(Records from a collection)
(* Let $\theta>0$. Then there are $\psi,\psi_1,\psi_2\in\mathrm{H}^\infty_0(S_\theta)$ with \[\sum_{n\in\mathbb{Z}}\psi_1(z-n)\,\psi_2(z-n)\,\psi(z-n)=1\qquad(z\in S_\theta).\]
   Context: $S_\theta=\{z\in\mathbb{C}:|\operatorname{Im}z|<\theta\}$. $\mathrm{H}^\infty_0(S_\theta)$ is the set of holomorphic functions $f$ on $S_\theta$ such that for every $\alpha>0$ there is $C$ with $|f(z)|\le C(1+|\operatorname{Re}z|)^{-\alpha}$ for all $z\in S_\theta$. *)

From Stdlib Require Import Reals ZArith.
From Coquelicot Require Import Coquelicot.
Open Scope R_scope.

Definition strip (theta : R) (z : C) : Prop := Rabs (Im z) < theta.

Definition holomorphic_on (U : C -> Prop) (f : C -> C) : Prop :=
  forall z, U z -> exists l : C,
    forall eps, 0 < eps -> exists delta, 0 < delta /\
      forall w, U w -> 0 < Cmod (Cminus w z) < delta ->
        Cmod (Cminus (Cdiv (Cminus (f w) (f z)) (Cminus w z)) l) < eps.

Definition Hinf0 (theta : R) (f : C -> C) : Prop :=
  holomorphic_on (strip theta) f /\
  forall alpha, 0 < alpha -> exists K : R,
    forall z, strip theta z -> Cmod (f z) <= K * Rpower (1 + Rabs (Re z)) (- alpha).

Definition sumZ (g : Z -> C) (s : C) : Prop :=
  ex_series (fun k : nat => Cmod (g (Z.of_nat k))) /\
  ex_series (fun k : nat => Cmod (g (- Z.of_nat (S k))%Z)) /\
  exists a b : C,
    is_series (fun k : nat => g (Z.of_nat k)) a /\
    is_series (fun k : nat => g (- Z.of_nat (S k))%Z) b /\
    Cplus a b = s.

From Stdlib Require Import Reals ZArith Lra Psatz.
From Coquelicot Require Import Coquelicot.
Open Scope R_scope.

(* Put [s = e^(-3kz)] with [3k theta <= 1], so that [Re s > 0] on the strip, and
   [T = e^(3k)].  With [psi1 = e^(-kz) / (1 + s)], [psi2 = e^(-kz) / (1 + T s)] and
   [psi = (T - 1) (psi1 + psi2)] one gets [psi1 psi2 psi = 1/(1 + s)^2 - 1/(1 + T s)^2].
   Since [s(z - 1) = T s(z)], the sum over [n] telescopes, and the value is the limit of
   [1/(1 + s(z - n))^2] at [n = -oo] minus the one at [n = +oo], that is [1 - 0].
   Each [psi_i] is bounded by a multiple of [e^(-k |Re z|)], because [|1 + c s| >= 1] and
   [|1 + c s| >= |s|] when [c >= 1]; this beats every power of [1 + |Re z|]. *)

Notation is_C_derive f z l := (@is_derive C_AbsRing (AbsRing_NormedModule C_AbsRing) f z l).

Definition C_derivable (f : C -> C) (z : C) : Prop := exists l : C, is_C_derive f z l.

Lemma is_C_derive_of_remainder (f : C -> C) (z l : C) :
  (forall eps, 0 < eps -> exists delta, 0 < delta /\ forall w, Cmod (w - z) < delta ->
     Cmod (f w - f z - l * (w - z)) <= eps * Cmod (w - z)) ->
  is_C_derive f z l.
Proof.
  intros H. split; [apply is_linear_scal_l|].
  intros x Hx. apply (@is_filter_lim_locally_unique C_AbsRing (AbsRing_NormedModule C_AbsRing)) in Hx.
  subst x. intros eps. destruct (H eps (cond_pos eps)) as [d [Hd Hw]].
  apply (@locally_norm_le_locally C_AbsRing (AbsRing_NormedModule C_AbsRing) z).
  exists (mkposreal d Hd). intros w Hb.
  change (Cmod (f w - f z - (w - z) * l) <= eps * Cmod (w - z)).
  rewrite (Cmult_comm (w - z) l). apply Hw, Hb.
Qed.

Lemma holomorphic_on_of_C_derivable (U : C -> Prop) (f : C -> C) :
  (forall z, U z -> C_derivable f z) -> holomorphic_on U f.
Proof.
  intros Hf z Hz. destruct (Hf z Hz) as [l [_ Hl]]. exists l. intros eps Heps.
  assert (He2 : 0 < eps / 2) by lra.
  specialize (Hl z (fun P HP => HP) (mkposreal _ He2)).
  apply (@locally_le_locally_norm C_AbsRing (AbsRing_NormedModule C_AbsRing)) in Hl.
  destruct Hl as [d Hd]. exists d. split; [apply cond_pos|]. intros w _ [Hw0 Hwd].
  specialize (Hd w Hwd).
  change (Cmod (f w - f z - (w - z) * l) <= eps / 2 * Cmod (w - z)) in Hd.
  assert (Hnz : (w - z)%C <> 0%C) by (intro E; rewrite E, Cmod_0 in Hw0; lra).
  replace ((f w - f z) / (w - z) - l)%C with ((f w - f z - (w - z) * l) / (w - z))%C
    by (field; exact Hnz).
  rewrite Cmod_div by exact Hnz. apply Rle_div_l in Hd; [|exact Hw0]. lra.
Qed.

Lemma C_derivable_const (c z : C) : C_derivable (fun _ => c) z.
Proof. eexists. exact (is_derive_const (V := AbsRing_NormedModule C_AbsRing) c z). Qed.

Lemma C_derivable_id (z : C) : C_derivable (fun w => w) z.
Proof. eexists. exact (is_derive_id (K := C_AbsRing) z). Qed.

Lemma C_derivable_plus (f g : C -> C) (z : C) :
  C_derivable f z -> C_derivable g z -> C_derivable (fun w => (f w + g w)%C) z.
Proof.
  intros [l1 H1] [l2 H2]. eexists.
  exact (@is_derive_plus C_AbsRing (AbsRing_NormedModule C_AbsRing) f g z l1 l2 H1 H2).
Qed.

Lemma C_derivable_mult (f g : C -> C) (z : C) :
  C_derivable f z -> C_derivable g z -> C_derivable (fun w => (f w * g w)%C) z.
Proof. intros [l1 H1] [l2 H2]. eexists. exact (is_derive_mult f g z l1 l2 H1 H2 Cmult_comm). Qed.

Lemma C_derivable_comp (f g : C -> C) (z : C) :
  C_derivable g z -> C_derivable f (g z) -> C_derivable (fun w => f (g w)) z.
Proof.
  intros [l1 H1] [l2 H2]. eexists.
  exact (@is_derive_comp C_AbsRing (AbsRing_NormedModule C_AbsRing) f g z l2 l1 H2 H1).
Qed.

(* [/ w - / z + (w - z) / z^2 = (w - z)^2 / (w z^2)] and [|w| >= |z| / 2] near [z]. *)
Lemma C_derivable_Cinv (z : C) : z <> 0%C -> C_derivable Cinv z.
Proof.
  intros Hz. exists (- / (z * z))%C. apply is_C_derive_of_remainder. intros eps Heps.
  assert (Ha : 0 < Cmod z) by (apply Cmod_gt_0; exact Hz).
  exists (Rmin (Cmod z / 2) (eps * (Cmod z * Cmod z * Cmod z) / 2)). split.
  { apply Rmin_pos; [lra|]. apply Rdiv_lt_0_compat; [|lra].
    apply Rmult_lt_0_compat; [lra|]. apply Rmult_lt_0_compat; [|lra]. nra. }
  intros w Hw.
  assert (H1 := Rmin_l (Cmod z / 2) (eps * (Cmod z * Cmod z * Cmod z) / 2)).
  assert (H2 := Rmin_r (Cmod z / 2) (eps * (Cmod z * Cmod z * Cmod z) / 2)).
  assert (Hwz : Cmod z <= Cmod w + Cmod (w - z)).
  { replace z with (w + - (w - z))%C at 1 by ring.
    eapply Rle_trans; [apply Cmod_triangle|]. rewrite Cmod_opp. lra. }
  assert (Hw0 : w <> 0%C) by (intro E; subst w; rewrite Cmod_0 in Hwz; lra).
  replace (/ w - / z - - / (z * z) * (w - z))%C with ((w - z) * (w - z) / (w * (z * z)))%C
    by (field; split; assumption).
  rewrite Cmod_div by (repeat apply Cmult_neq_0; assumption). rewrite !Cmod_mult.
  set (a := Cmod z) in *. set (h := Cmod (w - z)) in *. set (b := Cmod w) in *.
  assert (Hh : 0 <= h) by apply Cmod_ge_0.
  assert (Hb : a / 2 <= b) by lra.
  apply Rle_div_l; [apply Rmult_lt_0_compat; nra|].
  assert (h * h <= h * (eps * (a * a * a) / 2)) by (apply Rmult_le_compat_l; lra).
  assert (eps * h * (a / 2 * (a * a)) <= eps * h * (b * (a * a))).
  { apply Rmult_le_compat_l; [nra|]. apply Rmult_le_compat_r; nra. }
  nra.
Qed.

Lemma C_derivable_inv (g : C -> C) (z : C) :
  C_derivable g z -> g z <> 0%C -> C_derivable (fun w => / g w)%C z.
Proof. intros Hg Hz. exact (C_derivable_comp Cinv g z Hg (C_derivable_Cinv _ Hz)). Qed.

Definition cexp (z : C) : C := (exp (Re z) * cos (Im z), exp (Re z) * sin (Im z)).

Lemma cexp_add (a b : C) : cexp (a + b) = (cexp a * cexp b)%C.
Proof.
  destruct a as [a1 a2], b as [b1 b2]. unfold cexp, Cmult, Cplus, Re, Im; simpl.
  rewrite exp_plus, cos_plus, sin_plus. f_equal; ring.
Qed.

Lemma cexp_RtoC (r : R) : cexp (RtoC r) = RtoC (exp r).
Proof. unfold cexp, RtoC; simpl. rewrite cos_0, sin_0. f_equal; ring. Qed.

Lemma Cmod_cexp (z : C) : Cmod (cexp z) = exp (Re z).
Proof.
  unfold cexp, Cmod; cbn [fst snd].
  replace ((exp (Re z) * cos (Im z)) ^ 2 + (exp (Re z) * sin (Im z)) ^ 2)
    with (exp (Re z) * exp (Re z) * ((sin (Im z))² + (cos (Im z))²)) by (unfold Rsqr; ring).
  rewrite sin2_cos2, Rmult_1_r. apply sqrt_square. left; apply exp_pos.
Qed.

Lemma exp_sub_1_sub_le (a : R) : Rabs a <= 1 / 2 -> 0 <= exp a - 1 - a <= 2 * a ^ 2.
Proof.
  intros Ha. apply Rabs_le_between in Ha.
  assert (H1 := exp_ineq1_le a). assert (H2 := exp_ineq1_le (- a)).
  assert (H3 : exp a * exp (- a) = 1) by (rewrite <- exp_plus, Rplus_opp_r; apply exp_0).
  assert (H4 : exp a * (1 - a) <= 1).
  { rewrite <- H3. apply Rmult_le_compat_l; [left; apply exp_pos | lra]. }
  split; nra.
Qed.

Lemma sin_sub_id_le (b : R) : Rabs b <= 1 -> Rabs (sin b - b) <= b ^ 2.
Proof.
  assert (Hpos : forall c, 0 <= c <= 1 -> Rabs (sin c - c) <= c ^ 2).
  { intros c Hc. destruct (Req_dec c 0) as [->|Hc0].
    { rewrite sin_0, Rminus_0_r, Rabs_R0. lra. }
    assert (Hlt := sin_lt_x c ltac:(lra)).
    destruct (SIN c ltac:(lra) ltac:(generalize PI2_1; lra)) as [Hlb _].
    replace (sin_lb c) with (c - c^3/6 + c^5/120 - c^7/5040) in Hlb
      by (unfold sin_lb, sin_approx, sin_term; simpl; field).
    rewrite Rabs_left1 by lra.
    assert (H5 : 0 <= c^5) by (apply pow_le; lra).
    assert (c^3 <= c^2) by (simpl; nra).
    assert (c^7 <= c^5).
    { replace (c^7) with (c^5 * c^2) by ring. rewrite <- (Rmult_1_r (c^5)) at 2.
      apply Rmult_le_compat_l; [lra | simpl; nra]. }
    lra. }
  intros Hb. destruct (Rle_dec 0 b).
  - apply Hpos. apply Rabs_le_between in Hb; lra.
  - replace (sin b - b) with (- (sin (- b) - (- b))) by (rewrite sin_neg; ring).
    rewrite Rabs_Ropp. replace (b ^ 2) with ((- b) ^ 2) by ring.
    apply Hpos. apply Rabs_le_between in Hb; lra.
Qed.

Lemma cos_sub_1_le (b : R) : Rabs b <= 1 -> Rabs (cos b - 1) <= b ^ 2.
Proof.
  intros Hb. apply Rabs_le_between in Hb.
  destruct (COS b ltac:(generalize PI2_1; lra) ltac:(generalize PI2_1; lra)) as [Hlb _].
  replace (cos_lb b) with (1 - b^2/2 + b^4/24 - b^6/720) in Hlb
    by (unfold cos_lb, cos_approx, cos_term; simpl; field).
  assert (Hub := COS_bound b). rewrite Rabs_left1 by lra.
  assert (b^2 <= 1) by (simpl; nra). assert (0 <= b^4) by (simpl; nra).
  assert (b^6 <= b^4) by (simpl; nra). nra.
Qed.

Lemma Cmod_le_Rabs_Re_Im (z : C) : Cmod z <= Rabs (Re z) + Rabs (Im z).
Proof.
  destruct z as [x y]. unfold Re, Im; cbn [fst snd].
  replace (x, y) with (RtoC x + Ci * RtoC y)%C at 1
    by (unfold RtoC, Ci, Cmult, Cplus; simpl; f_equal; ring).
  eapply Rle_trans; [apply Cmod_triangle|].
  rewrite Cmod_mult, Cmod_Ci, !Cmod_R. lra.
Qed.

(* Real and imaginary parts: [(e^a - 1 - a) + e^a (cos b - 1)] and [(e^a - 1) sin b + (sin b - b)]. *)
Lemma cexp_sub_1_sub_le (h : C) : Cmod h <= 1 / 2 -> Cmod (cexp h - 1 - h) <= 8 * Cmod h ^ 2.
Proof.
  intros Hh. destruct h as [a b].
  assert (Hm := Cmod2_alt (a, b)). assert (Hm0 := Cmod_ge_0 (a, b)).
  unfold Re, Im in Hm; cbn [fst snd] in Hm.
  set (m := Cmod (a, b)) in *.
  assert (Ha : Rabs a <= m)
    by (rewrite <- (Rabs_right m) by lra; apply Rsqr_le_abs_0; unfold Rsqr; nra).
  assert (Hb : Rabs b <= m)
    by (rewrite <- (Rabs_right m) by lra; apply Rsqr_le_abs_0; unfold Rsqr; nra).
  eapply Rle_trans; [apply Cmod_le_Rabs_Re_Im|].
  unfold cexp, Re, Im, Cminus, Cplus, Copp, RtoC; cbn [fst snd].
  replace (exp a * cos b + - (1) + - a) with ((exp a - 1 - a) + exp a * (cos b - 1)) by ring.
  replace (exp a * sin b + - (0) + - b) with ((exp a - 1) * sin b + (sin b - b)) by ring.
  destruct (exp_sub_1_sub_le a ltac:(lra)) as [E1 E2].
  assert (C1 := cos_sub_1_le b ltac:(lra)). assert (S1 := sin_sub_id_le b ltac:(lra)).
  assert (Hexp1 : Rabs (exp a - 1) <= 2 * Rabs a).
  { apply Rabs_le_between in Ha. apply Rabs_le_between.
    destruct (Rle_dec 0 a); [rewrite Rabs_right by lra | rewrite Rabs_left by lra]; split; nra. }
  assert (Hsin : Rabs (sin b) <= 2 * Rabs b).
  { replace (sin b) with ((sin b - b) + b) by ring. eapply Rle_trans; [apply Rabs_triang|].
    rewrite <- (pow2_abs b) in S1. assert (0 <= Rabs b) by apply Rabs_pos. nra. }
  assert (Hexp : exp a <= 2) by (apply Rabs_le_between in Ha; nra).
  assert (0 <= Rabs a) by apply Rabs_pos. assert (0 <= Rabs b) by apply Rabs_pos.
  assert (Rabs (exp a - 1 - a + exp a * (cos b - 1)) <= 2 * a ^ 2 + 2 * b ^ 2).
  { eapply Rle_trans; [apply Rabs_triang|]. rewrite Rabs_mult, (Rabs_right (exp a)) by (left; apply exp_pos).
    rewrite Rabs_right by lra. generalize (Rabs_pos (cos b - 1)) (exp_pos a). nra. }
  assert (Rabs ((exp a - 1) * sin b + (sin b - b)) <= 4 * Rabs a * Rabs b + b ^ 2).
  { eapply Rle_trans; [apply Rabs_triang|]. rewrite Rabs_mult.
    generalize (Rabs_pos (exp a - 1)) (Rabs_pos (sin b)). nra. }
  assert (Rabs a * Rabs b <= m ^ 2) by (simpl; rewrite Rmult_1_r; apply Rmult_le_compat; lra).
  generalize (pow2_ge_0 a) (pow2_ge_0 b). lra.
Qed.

**PROBLEM DETAILS:** Check each line above for the word "strip" and copy the ones that have it.

**WRITTEN ANSWER:**
Definition strip (theta : R) (z : C) : Prop := Rabs (Im z) < theta.
  holomorphic_on (strip theta) f /\
    forall z, strip theta z -> Cmod (f z) <= K * Rpower (1 + Rabs (Re z)) (- alpha).
(* Put [s = e^(-3kz)] with [3k theta <= 1], so that [Re s > 0] on the strip, and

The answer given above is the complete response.